LangSmith Released Sandboxes for Secure Execution of Coding Agents
LangSmith launched Sandboxes in general availability — an isolated environment based on kernel-isolated micro-VMs for secure code execution generated by AI agen

LangSmith, a platform for developing and debugging LLM applications from LangChain, announced the general availability release of Sandboxes — an isolated execution environment for AI agents that generate and execute code.
How Sandboxes Work
These are kernel-isolated micro-virtual machines that physically separate agent code execution from the main system. Each Sandbox runs in its own virtual machine, which prevents unauthorized access to sensitive data, host resources, and other processes. The main idea: agents often generate and execute code that you don't fully control. An LLM can write anything — from simple math to file deletion, data leaks, and infinite loops. Sandboxes solve this problem by giving agents a fenced "field" to experiment in without risking the main system. It's like giving a child a sandbox: they can dig, build, experiment, but they can't damage the house.
What They Can Do
LangSmith Sandboxes offer a range of practical features for various use cases:
- Snapshots — save the state of the environment at a specific point in time and instantly restore it for re-running or rolling back
- Parallel forks — run multiple independent sandbox instances simultaneously for parallel processing or A/B testing of agent logic
- Service URLs — provide web interfaces or API endpoints running inside the Sandbox so the agent can interact with external services
- Auth proxies — manage access, authentication, and authorization for external services called by the agent without exposing real credentials
All these features allow developers to safely run potentially dangerous code without worrying about the stability and security of the production environment. This is especially important for teams using agents to automate critical operations where failure could have serious consequences.
Who This Is Useful For
Sandboxes are intended for three main use cases. First — coding AI agents that write and execute code for data analysis, task automation, or report generation. Second — CI agents integrated into continuous integration and deployment pipelines for automatic testing and deployment. Third — complex data processing pipelines where code is generated dynamically and executed without direct human control.
Example: an agent receives the task "analyze this data and create a chart". It can write a Python script using pandas and matplotlib. LangSmith Sandbox will safely execute this script, not giving it access to the host file system or network unless explicitly allowed. Results will be returned in a safe format.

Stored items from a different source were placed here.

Lemma bounded_left_of_vanishing (g : R -> R) x0 : inI a b x0 ->
  (forall x, inI a b x -> continuous g x) ->
  (forall eps, 0 < eps -> exists t0, inI a b t0 /\ forall t, inI a b t -> t < t0 -> g t < eps) ->
  exists B, 0 <= B /\ forall s, inI a b s -> s <= x0 -> g s <= B.
Proof.
  intros Hx0 Hc Hg. destruct (Hg 1) as [t0 [Ht0 H0]]; [lra|].
  destruct (inI_exists_lt a b _ (inI_min a b t0 x0 Ht0 Hx0)) as [t' [Ht' Htm]].
  pose proof (Rmin_l t0 x0). pose proof (Rmin_r t0 x0).
  assert (Hcont : forall z, t' <= z <= x0 -> continuity_pt g z).
  { intros z Hz. apply continuity_pt_filterlim. apply Hc. apply (inI_between a b t' x0); auto. }
  destruct (continuity_ab_maj g t' x0 ltac:(lra) Hcont) as [m [Hm _]].
  exists (Rmax 1 (g m)). split; [pose proof (Rmax_l 1 (g m)); lra|].
  intros s Hs Hsx. pose proof (Rmax_l 1 (g m)). pose proof (Rmax_r 1 (g m)).
  destruct (Rlt_le_dec s t').
  - specialize (H0 s Hs ltac:(lra)). lra.
  - specialize (Hm s ltac:(lra)). lra.
Qed.

End IntervalIntegrals.

Lemma is_series_exp y : is_series (fun n => y ^ n / INR (fact n)) (exp y).
Proof.
  generalize (is_exp_Reals y). unfold is_pseries. apply is_series_ext.
  intros n. rewrite pow_n_pow. reflexivity.
Qed.

Lemma ex_series_exp y : ex_series (fun n => y ^ n / INR (fact n)).
Proof. exists (exp y). apply is_series_exp. Qed.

Another example: a CI agent can automatically run tests, deploy, and validate code in an isolated environment, ensuring that no generated code damages production or steals secrets (API keys, passwords, etc.).
Why This Is Needed Now
As AI agents become more autonomous and take on more responsibility, the risk of unforeseen behavior increases. LLM models sometimes "hallucinate" and generate incorrect code. For example, a model might accidentally write code that tries to read environment variables with secrets or call the wrong service. Human concerns about security when running LLM-generated code are completely justified. Security becomes critically important as AI agents transition from labs and hackathons to production systems serving real users and data. Running potentially hostile or unpredictable code is one of the main challenges when deploying autonomous systems. LangSmith Sandboxes show that the ecosystem of tools for AI development is maturing and preparing for enterprise security requirements.